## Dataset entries

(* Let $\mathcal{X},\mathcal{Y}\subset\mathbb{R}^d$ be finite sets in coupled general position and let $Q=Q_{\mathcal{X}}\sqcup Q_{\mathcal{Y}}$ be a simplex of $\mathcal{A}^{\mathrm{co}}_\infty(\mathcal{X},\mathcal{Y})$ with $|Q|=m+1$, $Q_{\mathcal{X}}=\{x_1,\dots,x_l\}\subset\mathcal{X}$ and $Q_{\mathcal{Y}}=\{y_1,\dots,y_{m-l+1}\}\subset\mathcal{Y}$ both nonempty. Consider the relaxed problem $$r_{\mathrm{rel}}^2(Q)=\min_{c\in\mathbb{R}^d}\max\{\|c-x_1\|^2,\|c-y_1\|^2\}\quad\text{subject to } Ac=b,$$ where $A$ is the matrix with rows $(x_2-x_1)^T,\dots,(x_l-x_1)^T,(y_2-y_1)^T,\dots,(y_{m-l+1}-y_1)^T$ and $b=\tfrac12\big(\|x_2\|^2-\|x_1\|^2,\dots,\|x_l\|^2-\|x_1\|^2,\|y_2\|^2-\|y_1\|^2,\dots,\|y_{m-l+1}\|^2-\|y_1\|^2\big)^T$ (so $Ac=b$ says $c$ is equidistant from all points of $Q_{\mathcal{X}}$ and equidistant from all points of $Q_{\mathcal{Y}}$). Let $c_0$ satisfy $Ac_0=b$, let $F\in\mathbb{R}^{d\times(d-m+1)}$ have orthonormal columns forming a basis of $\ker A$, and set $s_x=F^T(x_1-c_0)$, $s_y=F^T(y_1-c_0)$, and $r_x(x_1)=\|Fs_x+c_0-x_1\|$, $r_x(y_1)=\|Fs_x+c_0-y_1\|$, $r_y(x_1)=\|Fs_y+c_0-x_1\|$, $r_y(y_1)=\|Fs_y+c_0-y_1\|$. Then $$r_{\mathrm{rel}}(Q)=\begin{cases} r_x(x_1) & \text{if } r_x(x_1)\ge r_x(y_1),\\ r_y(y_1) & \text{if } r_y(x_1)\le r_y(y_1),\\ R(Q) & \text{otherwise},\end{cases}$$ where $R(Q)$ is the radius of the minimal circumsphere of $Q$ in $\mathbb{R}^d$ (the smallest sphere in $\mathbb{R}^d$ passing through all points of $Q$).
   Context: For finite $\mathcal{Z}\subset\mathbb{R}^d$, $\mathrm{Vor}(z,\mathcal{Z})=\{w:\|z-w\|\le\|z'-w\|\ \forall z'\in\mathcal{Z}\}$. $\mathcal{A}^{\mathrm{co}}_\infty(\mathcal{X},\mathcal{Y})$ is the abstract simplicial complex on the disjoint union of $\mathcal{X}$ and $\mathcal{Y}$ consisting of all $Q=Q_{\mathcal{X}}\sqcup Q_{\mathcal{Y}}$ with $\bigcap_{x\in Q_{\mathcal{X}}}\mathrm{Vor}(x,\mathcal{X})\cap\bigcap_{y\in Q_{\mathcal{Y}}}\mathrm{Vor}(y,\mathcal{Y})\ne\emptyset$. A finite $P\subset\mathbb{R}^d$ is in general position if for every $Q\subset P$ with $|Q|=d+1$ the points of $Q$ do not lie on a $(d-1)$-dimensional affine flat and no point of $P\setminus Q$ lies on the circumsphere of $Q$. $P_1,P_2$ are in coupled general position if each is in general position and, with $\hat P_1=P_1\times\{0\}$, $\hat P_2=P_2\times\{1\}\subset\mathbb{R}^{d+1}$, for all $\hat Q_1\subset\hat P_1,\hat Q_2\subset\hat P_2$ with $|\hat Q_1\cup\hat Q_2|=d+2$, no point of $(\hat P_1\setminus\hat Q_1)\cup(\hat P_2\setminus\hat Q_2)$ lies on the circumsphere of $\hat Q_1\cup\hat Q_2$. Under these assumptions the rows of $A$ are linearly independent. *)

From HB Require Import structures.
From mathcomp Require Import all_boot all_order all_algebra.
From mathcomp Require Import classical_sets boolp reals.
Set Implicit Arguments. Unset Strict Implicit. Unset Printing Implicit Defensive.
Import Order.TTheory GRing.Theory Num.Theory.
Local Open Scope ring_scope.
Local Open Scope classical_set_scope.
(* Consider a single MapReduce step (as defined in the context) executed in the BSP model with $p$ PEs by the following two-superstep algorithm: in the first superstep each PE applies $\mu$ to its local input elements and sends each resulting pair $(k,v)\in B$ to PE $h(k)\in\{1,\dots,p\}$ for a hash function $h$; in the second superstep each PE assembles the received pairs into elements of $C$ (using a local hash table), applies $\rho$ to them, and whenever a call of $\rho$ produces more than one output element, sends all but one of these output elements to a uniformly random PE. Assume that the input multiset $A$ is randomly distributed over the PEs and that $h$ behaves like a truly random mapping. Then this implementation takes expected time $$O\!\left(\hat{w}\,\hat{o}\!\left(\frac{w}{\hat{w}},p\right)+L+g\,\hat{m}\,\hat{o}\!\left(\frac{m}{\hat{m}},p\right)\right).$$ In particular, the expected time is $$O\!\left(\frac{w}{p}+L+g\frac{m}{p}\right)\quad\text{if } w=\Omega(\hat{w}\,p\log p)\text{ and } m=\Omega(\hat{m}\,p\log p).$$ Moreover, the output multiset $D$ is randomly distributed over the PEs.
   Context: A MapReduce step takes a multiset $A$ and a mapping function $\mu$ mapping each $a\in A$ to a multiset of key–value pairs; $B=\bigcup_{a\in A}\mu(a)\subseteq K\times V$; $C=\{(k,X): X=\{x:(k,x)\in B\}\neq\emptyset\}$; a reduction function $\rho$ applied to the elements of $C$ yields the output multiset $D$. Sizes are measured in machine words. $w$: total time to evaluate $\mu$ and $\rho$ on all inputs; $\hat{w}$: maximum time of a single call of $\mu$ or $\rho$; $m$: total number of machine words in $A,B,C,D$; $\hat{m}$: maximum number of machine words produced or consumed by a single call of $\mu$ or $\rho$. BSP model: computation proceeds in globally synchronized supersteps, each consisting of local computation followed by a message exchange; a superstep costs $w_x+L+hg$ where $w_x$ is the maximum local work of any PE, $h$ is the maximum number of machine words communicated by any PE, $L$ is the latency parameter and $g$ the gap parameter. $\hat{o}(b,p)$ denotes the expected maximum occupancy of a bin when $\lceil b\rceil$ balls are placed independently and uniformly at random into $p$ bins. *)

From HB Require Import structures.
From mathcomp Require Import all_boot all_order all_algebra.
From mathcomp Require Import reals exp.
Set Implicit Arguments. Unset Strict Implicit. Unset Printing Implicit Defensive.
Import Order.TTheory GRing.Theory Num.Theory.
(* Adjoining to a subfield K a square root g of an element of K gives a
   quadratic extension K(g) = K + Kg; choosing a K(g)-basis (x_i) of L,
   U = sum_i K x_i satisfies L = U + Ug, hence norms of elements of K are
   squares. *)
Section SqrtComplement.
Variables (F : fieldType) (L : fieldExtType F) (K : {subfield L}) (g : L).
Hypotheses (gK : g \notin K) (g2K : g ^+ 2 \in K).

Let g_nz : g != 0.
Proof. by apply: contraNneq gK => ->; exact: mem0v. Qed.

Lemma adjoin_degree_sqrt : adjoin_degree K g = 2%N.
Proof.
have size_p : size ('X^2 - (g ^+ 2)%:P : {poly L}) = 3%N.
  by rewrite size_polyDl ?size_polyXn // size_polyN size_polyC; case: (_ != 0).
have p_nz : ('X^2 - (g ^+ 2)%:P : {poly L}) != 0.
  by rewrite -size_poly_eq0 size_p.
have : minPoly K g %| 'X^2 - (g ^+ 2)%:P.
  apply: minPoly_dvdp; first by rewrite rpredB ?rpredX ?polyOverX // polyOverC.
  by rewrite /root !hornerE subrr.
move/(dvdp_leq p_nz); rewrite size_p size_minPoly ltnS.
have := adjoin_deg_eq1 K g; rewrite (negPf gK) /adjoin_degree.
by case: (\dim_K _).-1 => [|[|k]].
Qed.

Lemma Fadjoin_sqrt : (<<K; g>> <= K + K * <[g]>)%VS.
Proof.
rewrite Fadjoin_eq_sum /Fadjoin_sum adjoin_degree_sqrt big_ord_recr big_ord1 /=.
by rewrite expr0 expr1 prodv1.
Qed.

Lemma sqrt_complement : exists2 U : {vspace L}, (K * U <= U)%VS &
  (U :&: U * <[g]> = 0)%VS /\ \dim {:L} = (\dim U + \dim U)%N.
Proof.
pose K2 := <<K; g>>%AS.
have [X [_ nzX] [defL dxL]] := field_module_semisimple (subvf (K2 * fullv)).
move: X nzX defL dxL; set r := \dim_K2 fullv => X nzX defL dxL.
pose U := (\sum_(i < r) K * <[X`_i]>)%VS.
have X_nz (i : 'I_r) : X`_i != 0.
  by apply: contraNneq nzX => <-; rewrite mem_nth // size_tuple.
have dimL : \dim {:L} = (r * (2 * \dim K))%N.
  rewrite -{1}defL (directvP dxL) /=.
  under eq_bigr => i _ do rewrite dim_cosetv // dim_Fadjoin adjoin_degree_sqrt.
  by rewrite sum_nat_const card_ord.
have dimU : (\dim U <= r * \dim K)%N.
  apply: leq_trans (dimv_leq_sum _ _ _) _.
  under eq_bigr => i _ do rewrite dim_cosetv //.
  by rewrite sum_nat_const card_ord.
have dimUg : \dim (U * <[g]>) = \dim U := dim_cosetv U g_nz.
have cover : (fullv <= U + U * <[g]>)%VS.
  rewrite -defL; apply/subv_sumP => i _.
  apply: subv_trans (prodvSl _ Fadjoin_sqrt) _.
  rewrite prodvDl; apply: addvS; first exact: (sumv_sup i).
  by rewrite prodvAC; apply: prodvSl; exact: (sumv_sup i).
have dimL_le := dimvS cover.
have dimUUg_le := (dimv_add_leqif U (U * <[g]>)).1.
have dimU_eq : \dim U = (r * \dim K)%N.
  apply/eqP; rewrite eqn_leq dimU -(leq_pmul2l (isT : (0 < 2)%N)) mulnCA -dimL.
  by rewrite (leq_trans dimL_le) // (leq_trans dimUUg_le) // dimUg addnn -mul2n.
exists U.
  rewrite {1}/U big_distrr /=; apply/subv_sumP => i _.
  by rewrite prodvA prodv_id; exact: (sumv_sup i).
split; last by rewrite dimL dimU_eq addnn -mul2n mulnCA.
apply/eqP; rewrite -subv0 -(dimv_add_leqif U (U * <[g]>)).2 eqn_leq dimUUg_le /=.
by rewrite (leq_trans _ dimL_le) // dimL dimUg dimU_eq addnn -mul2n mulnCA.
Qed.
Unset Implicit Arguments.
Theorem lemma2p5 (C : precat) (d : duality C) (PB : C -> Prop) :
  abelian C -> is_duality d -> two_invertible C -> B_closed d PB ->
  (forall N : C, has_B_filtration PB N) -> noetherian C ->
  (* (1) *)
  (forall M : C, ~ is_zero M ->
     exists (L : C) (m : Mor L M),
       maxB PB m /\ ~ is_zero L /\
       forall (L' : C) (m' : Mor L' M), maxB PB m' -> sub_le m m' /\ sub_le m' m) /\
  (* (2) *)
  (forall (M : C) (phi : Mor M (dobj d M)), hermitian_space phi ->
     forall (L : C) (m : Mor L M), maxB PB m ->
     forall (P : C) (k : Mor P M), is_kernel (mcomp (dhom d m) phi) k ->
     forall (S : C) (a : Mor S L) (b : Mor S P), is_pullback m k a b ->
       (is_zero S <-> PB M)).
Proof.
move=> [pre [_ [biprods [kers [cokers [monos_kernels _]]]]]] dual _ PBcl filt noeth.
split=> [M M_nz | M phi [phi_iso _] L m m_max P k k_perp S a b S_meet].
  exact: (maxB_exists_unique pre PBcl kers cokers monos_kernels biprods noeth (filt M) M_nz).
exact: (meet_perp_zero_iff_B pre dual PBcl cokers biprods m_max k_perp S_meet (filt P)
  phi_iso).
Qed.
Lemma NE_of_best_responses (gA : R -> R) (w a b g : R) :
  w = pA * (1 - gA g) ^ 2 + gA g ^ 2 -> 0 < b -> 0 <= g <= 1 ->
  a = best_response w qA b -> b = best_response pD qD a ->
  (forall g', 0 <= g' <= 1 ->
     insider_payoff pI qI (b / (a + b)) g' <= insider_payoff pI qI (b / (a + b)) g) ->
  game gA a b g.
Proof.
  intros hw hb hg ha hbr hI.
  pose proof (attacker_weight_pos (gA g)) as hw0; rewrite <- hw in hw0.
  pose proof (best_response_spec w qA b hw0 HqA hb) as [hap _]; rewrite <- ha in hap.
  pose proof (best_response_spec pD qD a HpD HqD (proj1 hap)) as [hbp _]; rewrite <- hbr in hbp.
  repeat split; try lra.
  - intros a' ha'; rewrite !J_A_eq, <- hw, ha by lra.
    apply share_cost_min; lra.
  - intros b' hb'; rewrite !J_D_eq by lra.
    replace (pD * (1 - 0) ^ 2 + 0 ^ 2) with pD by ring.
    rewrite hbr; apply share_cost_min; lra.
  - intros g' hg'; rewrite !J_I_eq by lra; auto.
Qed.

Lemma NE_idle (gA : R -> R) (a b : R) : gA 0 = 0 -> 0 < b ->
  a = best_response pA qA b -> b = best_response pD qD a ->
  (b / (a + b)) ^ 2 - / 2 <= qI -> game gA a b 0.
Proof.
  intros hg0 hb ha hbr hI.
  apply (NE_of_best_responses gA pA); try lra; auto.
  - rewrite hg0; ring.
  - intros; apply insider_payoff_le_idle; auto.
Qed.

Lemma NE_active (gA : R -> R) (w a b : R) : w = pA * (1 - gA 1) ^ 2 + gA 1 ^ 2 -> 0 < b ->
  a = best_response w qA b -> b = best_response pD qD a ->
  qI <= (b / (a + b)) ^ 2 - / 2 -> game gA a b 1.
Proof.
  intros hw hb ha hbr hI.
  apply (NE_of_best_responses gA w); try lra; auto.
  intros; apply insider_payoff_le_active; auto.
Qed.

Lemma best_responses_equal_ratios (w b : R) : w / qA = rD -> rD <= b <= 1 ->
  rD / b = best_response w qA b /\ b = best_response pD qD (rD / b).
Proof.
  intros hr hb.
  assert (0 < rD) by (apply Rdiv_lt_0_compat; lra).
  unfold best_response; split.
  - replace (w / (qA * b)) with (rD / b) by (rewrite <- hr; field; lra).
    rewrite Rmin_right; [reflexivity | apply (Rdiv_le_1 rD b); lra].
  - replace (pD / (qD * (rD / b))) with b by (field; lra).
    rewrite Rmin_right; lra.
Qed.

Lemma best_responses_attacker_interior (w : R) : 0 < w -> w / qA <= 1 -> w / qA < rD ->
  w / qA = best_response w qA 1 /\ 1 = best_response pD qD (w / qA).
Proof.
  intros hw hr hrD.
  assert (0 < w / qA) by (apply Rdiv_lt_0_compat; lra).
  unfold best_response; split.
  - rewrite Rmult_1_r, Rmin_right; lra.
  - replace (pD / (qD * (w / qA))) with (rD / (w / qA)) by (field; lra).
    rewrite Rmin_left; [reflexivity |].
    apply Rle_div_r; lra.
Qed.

## Problem requirements
All that is wanted is the stretch of lines above from the one containing "rewrite prodvDl; apply: addvS;" through the one containing "apply/eqP; rewrite eqn_leq", duplicated exactly.

## Task result
  rewrite prodvDl; apply: addvS; first exact: (sumv_sup i).
  by rewrite prodvAC; apply: prodvSl; exact: (sumv_sup i).
have dimL_le := dimvS cover.
have dimUUg_le := (dimv_add_leqif U (U * <[g]>)).1.
have dimU_eq : \dim U = (r * \dim K)%N.
  apply/eqP; rewrite eqn_leq dimU -(leq_pmul2l (isT : (0 < 2)%N)) mulnCA -dimL.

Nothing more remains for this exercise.